No sólo eso, la gente acudió y llegamos a la mágica cifra de 87 visitantes, ¡casi 100!, para mi aquello era fenomenal, y además como me suele ocurrir en situaciones parecidas, esos cambios positivos me ayudaron a transformar MadriSX en un espacio activo, con charlas, presentación de expositores, cenas de hermanamiento y muchas actividades más, algunas de ellas “copiadas” naturalmente de la RU de Barcelona, pero lo que no copiamos fueron las charlas, que afortunadamente las rescatamos de las primeras experiencias que tuvimos entre 1993 y 1995, tanto en Barcelona como Madrid.

Y así nacía todo… los logotipos diseñados por Hnostar profesionalizaron un poco el aspecto de todo, inauguré la nueva web para el club (la que actualmente sigue disponible), y poco después nacían las secciones específicas que conformaban el espectro de actividades del club, al que por cierto se añadieron nuevos usuarios hasta alcanzar la cota máxima de 150 usuarios registrados. Lo mejor es que desde Italia seguíamos trayendo MSX-2 a un precio imbatible y en la propia feria vendimos el MSX-2 Philips NMS 8245 número 100, es decir, habíamos actualizado y rescatado a 100 personas, para mi fue todo un triunfo.

No me queda mucho que añadir, aunque la “casualidad” esa en la que dejé de creer hace muchos años me permitió volver a viajar a Tilburg cuando pensé que no iba a ser posible, y es que una promoción del periódico “El Mundo” me permitió volar a 5.000 pts ida/vuelta a Bruselas con Virgin, y parecía predestinado a repetir experiencia porque ese periódico cayó en mis manos tras muchísimos acontecimientos síncronos, ya que mi vecina trajo el periódico porque mi madre quería nosequé colección, de repente ojeando el periódico vi la promoción y conseguí los cinco cupones a base de esfuerzo, y una noche a las 3 de la madrugada vi una cola de muchísima gente esperando en la sede del periódico en la calle Pradillo, algunos desistieron y pese a que por número no iban a darme el billete a precio especial (tanto esfuerzo para nada), mi desencanto se transformó en alegría cuando algunos empezaron a rendirse, y a las 4 los que habíamos aguantado tuvimos la recompensa, así que a las 5 llegaba a mi casa ¡con los billetes de avión!

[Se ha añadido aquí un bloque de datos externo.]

Lemma bigcapS_setU1 (X : {set T}) (S : {set {set T}}) :
  bigcapS (X |: S) = X :&: \bigcap_(A in S) A.
Proof.
rewrite /bigcapS bigcap_setU big_set1; case: eqP => // XS0.
by have := setU11 X S; rewrite XS0 inE.
Qed.

Lemma ie_sum_setU1 (F : {set {set T}}) (X : {set T}) :
  X \notin F -> ie_sum (X |: F) = ie_sum F + capped_sum F X.
Proof.
move=> XF; rewrite /ie_sum big_powersetU1 // big_split; congr (_ + _).
apply: eq_bigr => S; rewrite powersetE => sS.
have XS : X \notin S by apply: contra XF => /(subsetP sS).
by rewrite bigcapS_setU1 cardsU1 XS exprS mulN1r mulNr opprK.
Qed.

Lemma capped_sum_setU1 (F : {set {set T}}) (X Y : {set T}) :
  Y \notin F -> capped_sum (Y |: F) X = capped_sum F X - capped_sum F (X :&: Y).
Proof.
move=> YF; rewrite /capped_sum big_powersetU1 // big_split /= -sumrN.
congr (_ + _); apply: eq_bigr => S; rewrite powersetE => sS.
have YS : Y \notin S by apply: contra YF => /(subsetP sS).
by rewrite bigcap_setU big_set1 setIA cardsU1 YS exprS mulN1r mulNr.
Qed.

Lemma capped_sum_eq0 (F : {set {set T}}) (X K : {set T}) :
  K \in F -> X \subset K -> capped_sum F X = 0.
Proof.
move=> KF XK; rewrite -(setD1K KF) capped_sum_setU1 ?setD11 //.
by rewrite (setIidPl XK) subrr.
Qed.

Lemma ie_sum_setU1_sub (F : {set {set T}}) (X K : {set T}) :
  K \in F -> X \subset K -> ie_sum (X |: F) = ie_sum F.
Proof.
move=> KF XK; have [XF|XF] := boolP (X \in F); first by rewrite (setUidPr _) // sub1set.
by rewrite ie_sum_setU1 // (capped_sum_eq0 KF XK) addr0.
Qed.

Lemma capped_sum_congr (F : {set {set T}}) (X Y : {set T}) :
  {in F, forall K, X :&: K = Y :&: K} ->
  capped_sum F X - p X = capped_sum F Y - p Y.
Proof.
move=> eqXY; rewrite /capped_sum.
rewrite (bigD1 set0) 1?[in RHS](bigD1 set0) ?powersetE ?sub0set //=.
rewrite !big_set0 cards0 expr0 !mul1r !setIT ![p _ + _]addrC !addrK.
apply: eq_bigr => S /andP[]; rewrite powersetE => sS /set0Pn[K KS].
have capK : \bigcap_(A in S) A = K :&: \bigcap_(A in S) A.
  by apply/esym/setIidPr; apply: bigcap_inf.
by rewrite capK !setIA eqXY // (subsetP sS).
Qed.

End InclusionExclusion.

Section Cliques.
Variables (T : finType) (E : rel T).

Lemma adjC x y : adj E x y = adj E y x.
Proof. by rewrite /adj eq_sym orbC. Qed.

Lemma adjxx x : adj E x x = false.
Proof. by rewrite /adj eqxx. Qed.

Lemma cliqueP (B : {set T}) :
  reflect {in B &, forall x y, x != y -> adj E x y} (is_clique E B).
Proof.
apply: (iffP forallP) => [cB x y xB yB|cB x].
  by have /implyP/(_ xB)/forallP/(_ y)/implyP/(_ yB)/implyP := cB x.
apply/implyP => xB; apply/forallP => y; apply/implyP => yB; apply/implyP.
exact: cB.
Qed.

Definition clique_in (U : {set T}) : pred {set T} :=
  fun B => (B \subset U) && is_clique E B.

Definition maxcliques_in (U : {set T}) : {set {set T}} :=
  [set A | maxset (clique_in U) A].

Lemma maxcliques_in_sub (U A : {set T}) : A \in maxcliques_in U -> A \subset U.
Proof. by rewrite inE => /maxsetp /andP[]. Qed.

Lemma maxcliques_inT : maxcliques_in setT = MaxCliques E.
Proof.
apply/setP => A; rewrite !inE /clique_in.
apply/maxsetP/andP => [[/andP[_ cA] maxA]|[cA /forallP maxA]].
  split=> //; apply/forallP => B; apply/implyP => /andP[cB AB].
  by apply/eqP; apply: maxA; rewrite ?subsetT.
split=> [|B /andP[_ cB] AB]; first by rewrite subsetT.
by apply/eqP; move/implyP: (maxA B); apply; rewrite cB.
Qed.

Lemma maxcliques_in0 : maxcliques_in set0 = [set set0].
Proof.
apply/setP => A; rewrite !inE /clique_in.
apply/maxsetP/eqP => [[/andP[A0 _] _]|->]; first by apply/eqP; rewrite -subset0.
split=> [|B /andP[]]; last by rewrite subset0 => /eqP.
by rewrite sub0set; apply/cliqueP => x y; rewrite inE.
Qed.

(* The junk value bigcapS set0 = set0 makes the two terms cancel. *)
Lemma ie_sum_maxcliques_in0 (R : pzRingType) (p : {set T} -> R) :
  ie_sum p (maxcliques_in set0) = 0.
Proof.
rewrite maxcliques_in0 -[[set set0]]setU0 ie_sum_setU1 ?inE //.
rewrite /ie_sum /capped_sum powerset0 !big_set1 cards0 /bigcapS eqxx big_set0.
by rewrite expr0 !mul1r setIT addNr.
Qed.

Section AddVertex.
Variables (U : {set T}) (v : T).
Hypothesis vU : v \notin U.
Let N := [set w in U | adj E v w].
Let C := v |: N.

Lemma nbhd_sub : N \subset U.
Proof. by apply/subsetP => x; rewrite inE => /andP[]. Qed.

Lemma nbhd_notin : v \notin N.
Proof. by rewrite inE adjxx andbF. Qed.

Lemma closed_nbhd_capE (K : {set T}) : K \subset U -> C :&: K = N :&: K.
Proof.
move=> KU; apply/setP => x; rewrite !inE; case: eqP => [->|_] //=.
by rewrite (contraNF (subsetP KU v)) ?andbF.
Qed.

Lemma clique_in_setU1 (B : {set T}) :
  v \notin B -> clique_in (v |: U) B = clique_in U B.
Proof.
move=> vB; rewrite /clique_in; congr (_ && _); apply/idP/idP => BU.
  apply/subsetP => x xB; have /setU1P[ex|//] := subsetP BU x xB.
  by rewrite -ex xB in vB.
exact: subset_trans BU (subsetUr _ _).
Qed.
(* Let c >= 0 be a subgradient of G at M > 0, so that the orders u_k satisfy
   sum_k G(u_k) >= N G(M) + c (sum_k u_k - N M).  The orders add up to the
   stock y = x_{N-1} + u_{N-1} after the last order plus the demands
   w_0, ..., w_{N-2}.  Now y depends only on w_0, ..., w_{N-2}, hence is
   independent of w_{N-1}, and x_N = y - w_{N-1} >= 0 a.s.; as the support of
   w_{N-1} reaches mu_{N-1} + Delta, this forces y >= mu_{N-1} + Delta a.s.
   Taking expectations, E[sum_k u_k] >= Delta + sum_k mu_k = N M, so the linear
   term is nonnegative. *)

Lemma strictly_convexW {R : realType} {G : R -> R} :
  (forall x y t, 0 <= x -> 0 <= y -> x != y -> 0 < t < 1 ->
     G (t * x + (1 - t) * y) < t * G x + (1 - t) * G y) ->
  forall x y t, 0 <= x -> 0 <= y -> 0 < t < 1 ->
     G (t * x + (1 - t) * y) <= t * G x + (1 - t) * G y.
Proof.
move=> convG x y t x0 y0 t01; have [<-|xy] := eqVneq x y; last exact/ltW/convG.
by rewrite -!mulrDl subrKC !mul1r.
Qed.

Section convex_subgradient.
Context {R : realType} (G : R -> R).
Hypothesis convG : forall x y t, 0 <= x -> 0 <= y -> 0 < t < 1 ->
  G (t * x + (1 - t) * y) <= t * G x + (1 - t) * G y.

Lemma convex_slope_le x M z : 0 <= x -> x < M -> M < z ->
  (G M - G x) / (M - x) <= (G z - G M) / (z - M).
Proof.
move=> x0 xM Mz.
have zx : 0 < z - x by rewrite subr_gt0; exact: lt_trans Mz.
have zx0 : z - x != 0 by rewrite gt_eqF.
set t := (z - M) / (z - x).
have t01 : 0 < t < 1.
  apply/andP; split; first by rewrite divr_gt0 // subr_gt0.
  by rewrite ltr_pdivrMr // mul1r ltrD2l ltrN2.
have tM : t * x + (1 - t) * z = M by rewrite /t; field.
have := convG _ _ _ x0 (le_trans x0 (ltW (lt_trans xM Mz))) t01.
rewrite tM => convM.
have chord : (z - x) * G M <= (z - M) * G x + (M - x) * G z.
  have -> : (z - M) * G x + (M - x) * G z = (z - x) * (t * G x + (1 - t) * G z).
    by rewrite /t; field.
  by rewrite ler_wpM2l // ltW.
rewrite ler_pdivrMr ?subr_gt0 // mulrAC ler_pdivlMr ?subr_gt0 //; nra.
Qed.

(* The supremum of the left chord slopes at M is a subgradient there. *)
Lemma convex_subgradient M : 0 < M -> G 0 <= G M ->
  exists2 c, 0 <= c & forall y, 0 <= y -> G M + c * (y - M) <= G y.
Proof.
move=> M0 G0M.
pose S := [set (G M - G x) / (M - x) | x in [set x | 0 <= x < M]].
have S0 : S ((G M - G 0) / (M - 0)) by exists 0 => //=; rewrite lexx.
have S_ub z : M < z -> ubound S ((G z - G M) / (z - M)).
  by move=> Mz _ [x /andP[x0 xM] <-]; exact: convex_slope_le.
have supS : has_sup S.
  split; first by exists ((G M - G 0) / (M - 0)).
  by exists ((G (M + 1) - G M) / (M + 1 - M)); apply: S_ub; rewrite ltrDl.
exists (sup S).
  apply: le_trans (sup_upper_bound supS S0).
  by rewrite subr0 divr_ge0 ?subr_ge0 // ltW.
move=> y y0; have [yM|My|<-] := ltgtP y M.
- have Sy : S ((G M - G y) / (M - y)) by exists y => //=; rewrite y0.
  have := sup_upper_bound supS Sy.
  rewrite ler_pdivrMr ?subr_gt0 //; nra.
- have := ge_sup (ex_intro _ _ S0) (S_ub _ My).
  rewrite ler_pdivlMr ?subr_gt0 //; lra.
- by rewrite subrr mulr0 addr0.
Qed.

End convex_subgradient.

Lemma sum_ge_subgradient {R : realType} (G : R -> R) (M c : R) (m : nat)
    (y : nat -> R) :
  (forall v, 0 <= v -> G M + c * (v - M) <= G v) -> (forall k, 0 <= y k) ->
  m%:R * G M + c * (\sum_(k < m) y k - m%:R * M) <= \sum_(k < m) G (y k).
Proof.
move=> subG y0.
have := @ler_sum _ _ (index_enum 'I_m) xpredT _ _ (fun k _ => subG _ (y0 k)).
by rewrite big_split /= -mulr_sumr sumrB !sumr_const card_ord !mulr_natl.
Qed.

Definition stock_after_order {T : Type} {R : realType} (pi : nat -> R -> R)
    (wf : nat -> T -> R) (n : nat) (x : T) : R :=
  state pi wf n x + pi n (state pi wf n x).

Section state_telescope.
Context {T : Type} {R : realType} (pi : nat -> R -> R) (wf : nat -> T -> R).
Lemma on_interval_seg (s : seg R) p : interval_seg_on yI s ->
  on_seg s p <-> p.2 = yI /\ lo s <= p.1 <= hi s.
Proof.
case: s => [[x1 z1] [x2 z2]]; rewrite /interval_seg_on /on_seg /lo /hi /=.
move=> [-> [-> hne]]; rewrite minEle maxEle.
have x12 : x1 != x2 by apply/eqP => e; apply: hne; rewrite e.
split=> [[t [/andP[t0 t1] ->]] /=|].
  by split; [ring | case: (leP x1 x2) => h; apply/andP; split; nra].
case: p => [px py] /= [-> hb].
have d12 : x2 - x1 != 0 by rewrite subr_eq0 eq_sym.
exists ((px - x1) / (x2 - x1)); split; last by congr (_, _); field.
move: hb; case: (leP x1 x2) => [le12 hb|lt21 hb].
- have lt12 : 0 < x2 - x1 by rewrite subr_gt0 lt_neqAle x12.
  by rewrite divr_ge0 ?ler_pdivrMr ?mul1r /=; lra.
- have lt12 : 0 < x1 - x2 by rewrite subr_gt0.
  rewrite -[px - x1]opprB -[x2 - x1]opprB invrN mulrNN.
  by rewrite divr_ge0 ?ler_pdivrMr ?mul1r /=; lra.
Qed.

Lemma meet_perm_perm (s u : seg R) : perm_seg yI yO s -> perm_seg yI yO u ->
  seg_meet s u <-> (foot s - foot u) * (top s - top u) <= 0.
Proof.
move=> hs hu; rewrite -convex_root; split.
- move=> [p [/(on_perm_seg _ hs) [t [ht ->]] /(on_perm_seg _ hu) [t' [ht' [ex ey]]]]].
  by rewrite -(height_inj ey) in ex; exists t; split => //; lra.
- move=> [t [ht e]]; exists ((1 - t) * foot s + t * top s, (1 - t) * yI + t * yO).
  split; [apply/(on_perm_seg _ hs) | apply/(on_perm_seg _ hu)]; exists t; split => //.
  by congr (_, _); lra.
Qed.
(* The minimum number of subgraphs in a $\{K_3,K_4\}$-decomposition of $K_{19}$ is $D(19,\{3,4\})=35$, and a $\{K_3,K_4\}$-decomposition of $K_{19}$ attaining this minimum consists of $13$ copies of $K_3$ and $22$ copies of $K_4$.
   Context: A $\{K_3,K_4\}$-decomposition of the complete graph $K_v$ is a collection of subgraphs of $K_v$, each isomorphic to $K_3$ or $K_4$, such that every edge of $K_v$ lies in exactly one of them. $D(v,\{3,4\})$ denotes the minimum number of subgraphs in a $\{K_3,K_4\}$-decomposition of $K_v$. *)

From mathcomp Require Import all_boot.
Set Implicit Arguments. Unset Strict Implicit. Unset Printing Implicit Defensive.

(* A copy of K_3 / K_4 inside K_v is the complete
   subgraph on a 3- / 4-element vertex set, so it is determined by that set. *)
Definition K34_decomposition (v : nat) (B : seq {set 'I_v}) : Prop :=
  (forall b, b \in B -> (#|b| == 3) || (#|b| == 4)) /\
  (forall x y : 'I_v, x != y -> count (fun b : {set 'I_v} => (x \in b) && (y \in b)) B = 1).

Definition num_K3 (v : nat) (B : seq {set 'I_v}) : nat :=
  count (fun b : {set 'I_v} => #|b| == 3) B.
Definition num_K4 (v : nat) (B : seq {set 'I_v}) : nat :=
  count (fun b : {set 'I_v} => #|b| == 4) B.

Definition D34_is (v n : nat) : Prop :=
  (exists B : seq {set 'I_v}, K34_decomposition B /\ size B = n) /\
  (forall B : seq {set 'I_v}, K34_decomposition B -> n <= size B).

From mathcomp Require Import all_boot zify.
Set Implicit Arguments. Unset Strict Implicit. Unset Printing Implicit Defensive.

(* Every vertex x lies in t(x) triangles and k(x) copies of K4 with 3 k(x) + 2 t(x) = 18, and
   double counting edges gives 2 n4 + n3 = 57 for the numbers n3, n4 of triangles and K4s.  A
   decomposition thus has (57 + n3) / 2 blocks, and everything hinges on n3 >= 13.
   Let Q be the set of vertices lying in no triangle.  Off Q we have t >= 3, and the t(x) add up
   to 3 n3, so it suffices to show |Q| < 8.  If |Q| >= 8, a vertex y outside Q sees Q only
   through its k(y) copies of K4, at most three Q-vertices in each; this forces t(y) = 3,
   k(y) = 4, |Q| <= 12 and n3 = 19 - |Q|.  Counting the incidences and the pairs inside Q in
   terms of the numbers n_j of blocks meeting Q in j vertices then leaves only |Q| = 8 with
   n1 = 0 < n4, or with n1 = 1, n3 = 3, n4 = 0.  The first case fails at a vertex of a K4 inside
   Q, the second at the vertices of the unique block meeting Q exactly once. *)

Lemma count_and_sum (I : Type) (r : seq I) (P Q : pred I) :
  count (fun i => P i && Q i) r = \sum_(i <- r | P i) (Q i : nat).
Proof. by rewrite -sum1_count big_mkcondr; apply: eq_bigr => i _; case: (Q i). Qed.

Lemma count_andC (I : Type) (r : seq I) (P Q : pred I) :
  count (fun i => P i && Q i) r + count (fun i => P i && ~~ Q i) r = count P r.
Proof. by elim: r => //= i r <-; case: (P i); case: (Q i); rewrite /=; lia. Qed.

Section Blocks.
Variables (T : finType) (B : seq {set T}).

Lemma sum_card_cap (Y : {set T}) (F : {set T} -> nat) :
  \sum_(y in Y) \sum_(b <- B | y \in b) F b = \sum_(b <- B) #|b :&: Y| * F b.
Proof.
under eq_bigr => y _ do rewrite big_mkcond.
rewrite exchange_big; apply: eq_bigr => b _ /=.
rewrite -sum1_card big_distrl /= big_mkcond [RHS]big_mkcond.
by apply: eq_bigr => y _; rewrite inE; case: (y \in b); case: (y \in Y); rewrite ?mul1n.
Qed.

Lemma card_le_count_blocks (P : pred {set T}) (W : {set T}) :
  (forall b, b \in B -> P b -> #|b :&: W| <= 1) ->
  (forall w, w \in W -> 0 < count (fun b : {set T} => (w \in b) && P b) B) ->
  #|W| <= count P B.
Proof.
move=> meet1 cover; rewrite -sum1_card.
apply: (@leq_trans (\sum_(w in W) \sum_(b <- B | w \in b) (P b : nat))).
  by apply: leq_sum => w /cover; rewrite count_and_sum.
rewrite sum_card_cap -sum1_count [X in _ <= X]big_mkcond /= big_seq [X in _ <= X]big_seq.
by apply: leq_sum => b bB; case Pb: (P b); rewrite ?muln0 ?muln1 ?meet1.
Qed.

Hypothesis pair_once : forall x y : T, x != y ->
  count (fun b : {set T} => (x \in b) && (y \in b)) B = 1.

Lemma sum_card_cap_at x (Y : {set T}) : x \notin Y ->
  \sum_(b <- B | x \in b) #|b :&: Y| = #|Y|.
Proof.
move=> xY; rewrite -sum1_card big_mkcond.
transitivity (\sum_(b <- B) #|b :&: Y| * (x \in b)).
  by apply: eq_bigr => b _; case: (x \in b); rewrite ?muln1 ?muln0.
rewrite -sum_card_cap; apply: eq_bigr => y yY.
by rewrite -count_and_sum pair_once //; apply: contraNneq xY => <-.
Qed.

Pronto llegará otra interesante etapa en el devenir de la feria MadriSX, porque en Tilburg conocí a muchísima gente más, entre otros a un desconocido “Richard Foersom” que posteriormente resultó ser amigo de Henrik Gildav (diseñador de la interfaz IDE para MSX) y entre unos y otros se fueron asentando los cimientos de la feria MadriSX de 1999, la que sin duda para mi fue más exitosa de todas, porque mis nuevos amigos iban acercándome a cada vez más círculos de gente, empecé a compartir mesa en las cenas de “hermanamiento” que los holandeses solían celebrar en un restaurante griego cercano, y además empecé a sacar provecho de esos viajes haciéndolos rentables y permitiéndome cada vez disponer de más dinero para reinvertir en mi afición, que no es otra que la de ser un “swapper”, tal como descubriría años más tarde al conocer a Mat/Ozone.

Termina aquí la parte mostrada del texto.